Mountaineer Swift recounts early trail-maintenance efforts

 


There wasn’t much of a hiking culture when Paul Swift, 76, came to Haines in the early 1970s.

“The town was geared to industry. Logging, mining and fishing... most guys were work- oriented,” Swift said.

Swift talked about clearing the Mount Ripinsky trail at a presentation June 1 at the Sheldon Museum. He also spoke during an interview.

Cut in by the Army in 1906, the trail formerly stretched from the Skyline Subdivision trailhead to the mountain’s summit. When Fort Seward was decommissioned in 1948, the path fell into disuse and became overgrown.

Resident Margaret Piggott’s book, “Discovering Southeast Alaska with Pack and Paddle,” published in 1975, rekindled interest in the trail, which has since been written about in at least two other publications.

Swift and Dick Folta, another interested outdoorsman, recut the trail during a long summer. Swift said his youngest daughter scouted the trail ahead while his oldest son David did much of the work, helping him and Folta cut brush during the evenings.

Interest in the trail grew slowly. Before the advent of lightweight snowshoes, hikers used it mostly in summer. As technology changed, so did numbers of hikers. Swift said he has spoken to numerous people who have described the Mount Ripinsky hike as “one of the most beautiful trails they’ve ever walked.”

An estimated 5-6,000 people have written their names in the register on Ripinsky’s summit since the mid-1970s, a register Swift helped place. Their names come from all over the world, reflecting a wide interest in the trail.

Swift grew up hiking. In his home state of Maryland, his family hiked in Shenandoah National Park and the Appalachian Mountains.

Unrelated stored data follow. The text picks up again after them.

Lemma objectiveE : objective U V Rj =
  \sum_d colnorm U d * rnorm Rj d * colnorm V d +
  (4 * Num.sqrt J%:R)^-1 * \sum_d balance_defect d.
Proof.
rewrite /objective; set s := Num.sqrt J%:R.
have -> : \sum_j (frob2 (U *m Rj j) + frob2 V + frob2 (V *m (Rj j)^T) + frob2 U) =
    \sum_d (4 * s * (colnorm U d * rnorm Rj d * colnorm V d) + balance_defect d).
  transitivity (\sum_d \sum_j (colnorm U d ^+ 2 * Rj j d d ^+ 2 + colnorm V d ^+ 2 +
                               colnorm V d ^+ 2 * Rj j d d ^+ 2 + colnorm U d ^+ 2)).
    rewrite exchange_big; apply: eq_bigr => j _.
    by rewrite trmx_diag // !frob2_mul_diag // !frob2E -!big_split.
  apply: eq_bigr => d _; rewrite -objective_term_sos [s ^+ 2]sqr_sqrtr ?ler0n //.
  rewrite !big_split /= -!mulr_sumr !sumr_const card_ord.
  by rewrite -[\sum_j Rj j d d ^+ 2]sqr_vnorm2 -/(rnorm Rj d); ring.
rewrite big_split /= -mulr_sumr mulrDr mulrA.
have [J0|J_gt0] := eqVneq J 0%N.
  have s0 : s = 0 by rewrite /s J0 sqrtr0.
  rewrite s0 mulr0 invr0 !mul0r !addr0 big1 // => d _.
  by rewrite /rnorm (vnorm2_dim0 _ J0) mulr0 mul0r.
by rewrite mulVf ?mul1r // mulf_neq0 // sqrtr_eq0 -ltNge ltr0n lt0n.
Qed.

Lemma cp_cost_le_objective :
  \sum_d colnorm U d * rnorm Rj d * colnorm V d <= objective U V Rj.
Proof.
rewrite objectiveE lerDl mulr_ge0 ?invr_ge0 ?mulr_ge0 ?sqrtr_ge0 //.
by apply: sumr_ge0 => d _; rewrite addr_ge0 ?sqr_ge0.
Qed.

Lemma objective_balanced :
  objective U V Rj = \sum_d colnorm U d * rnorm Rj d * colnorm V d ->
  forall d, colnorm U d * rnorm Rj d = Num.sqrt J%:R * colnorm V d /\
            colnorm V d * rnorm Rj d = Num.sqrt J%:R * colnorm U d.
Proof.
have [J0 _ d|J_gt0] := eqVneq J 0%N.
  have s0 : Num.sqrt J%:R = 0 :> R by rewrite J0 sqrtr0.
  by rewrite /rnorm (vnorm2_dim0 _ J0) s0 !mulr0 !mul0r.
rewrite objectiveE => /eqP; rewrite -subr_eq0 addrAC subrr add0r mulf_eq0 invr_eq0.
rewrite mulf_eq0 pnatr_eq0 sqrtr_eq0 leNgt ltr0n lt0n J_gt0 /= => /eqP defect0 d.
have /eqP := @psumr_eq0P _ _ predT _
  (fun d _ => addr_ge0 (sqr_ge0 _) (sqr_ge0 _)) defect0 d isT.
by rewrite paddr_eq0 ?sqr_ge0 // !sqrf_eq0 !subr_eq0 => /andP[/eqP -> /eqP ->].
Qed.

End Factorization.

Lemma objective_attained (R : realType) (N1 J N3 : nat) (X : tensor3 R N1 J N3) :
  exists (D : nat) (U : 'M[R]_(N1, D)) (V : 'M[R]_(N3, D)) (Rj : 'I_J -> 'M[R]_D),
    is_factorization X U V Rj /\ objective U V Rj = tnuclear X.
Proof.
have [r [a1 [a2 [a3 [aX <-]]]]] := tnuclear_attained X.
have [J0|J_gt0] := eqVneq J 0%N.
  have s0 : Num.sqrt J%:R = 0 :> R by rewrite J0 sqrtr0.
  exists 0%N, 0, 0, (fun=> 0); split; first by split => j; exfalso; case: j => n; rewrite J0.
  rewrite /objective s0 mulr0 invr0 mul0r /cp_cost big1 // => l _.
  by rewrite /rank_one_cost (vnorm2_dim0 _ J0) mulr0 mul0r.
pose s : R := Num.sqrt J%:R; have s_gt0 : 0 < s by rewrite sqrtr_gt0 ltr0n lt0n.
pose t l := Num.sqrt (rank_one_cost (a1 l) (a2 l) (a3 l) / s).
have [l m0|b1 [b2 [b3 [bX bcost bnorm]]]] :=
  cp_decomp_rescale (x := t) (y := fun=> s) (z := t) aX.
  have m_gt0 : 0 < rank_one_cost (a1 l) (a2 l) (a3 l) by rewrite lt_def m0 rank_one_cost_ge0.
  split; rewrite ?sqrtr_gt0 ?divr_gt0 ?ltr0n ?lt0n //.
  by rewrite mulrAC -expr2 sqr_sqrtr ?divfK ?gt_eqF // ltW // divr_gt0.
exists r, (\matrix_(i, d) b1 d i), (\matrix_(k, d) b3 d k), (fun j => diag_mx (\row_d b2 d j)).
split; first exact: cp_decomp_factorization bX.
rewrite -bcost objectiveE // [Y in _ * Y]big1 ?mulr0 ?addr0 => [|d _].
  by apply: eq_bigr => d _; rewrite !colnorm_matrix rnorm_diag_row.
rewrite /balance_defect !colnorm_matrix rnorm_diag_row.
case: (bnorm d); case: ifP => _ [-> -> ->];
  by rewrite -/s ?mulr0 ?[t d * s]mulrC subrr expr0n addr0.
Qed.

Swift worked for the U.S. Coast and Geodetic Survey in all 50 states, including jobs where he climbed mountains to provide exact latitude and longitude points for maps. The brass-cap summit markers on the tops of mountains were put in by surveyors like Swift. Mount Ripinsky’s marker was placed there in 1925.

Swift brought this passion with him to Haines when he transferred into the Civilian Department to work for the Haines-Fairbanks military pipeline. Even now he tries to get in a hike every other day, he said.

With the help of volunteers, Swift and wife Annie Boyce maintain what he calls “the Mount Ripinsky traverse,” the length of trail from Skyline to 7 Mile. Swift said he’d like to see good maintenance for the trails around Haines and a few more lower-elevation viewpoints.

Also, there are places on the traverse he says are harder to walk on for less adept hikers.

The evening also included discussion of trail maintenance and suggestions for new trails by community members and comments from representatives of the Sheldon Museum’s Walk and Talk program, Well and Fit Community Council, Lynn Canal Conservation, and the Borough Parks and Recreation Advisory Committee.

The need for new trails was emphasized by several community members.

The Battery Point and Mount Riley trails were created in the early 1980s, using state Roads and Trails funds, said resident Dave Nanney, who oversaw the projects for the Haines Borough.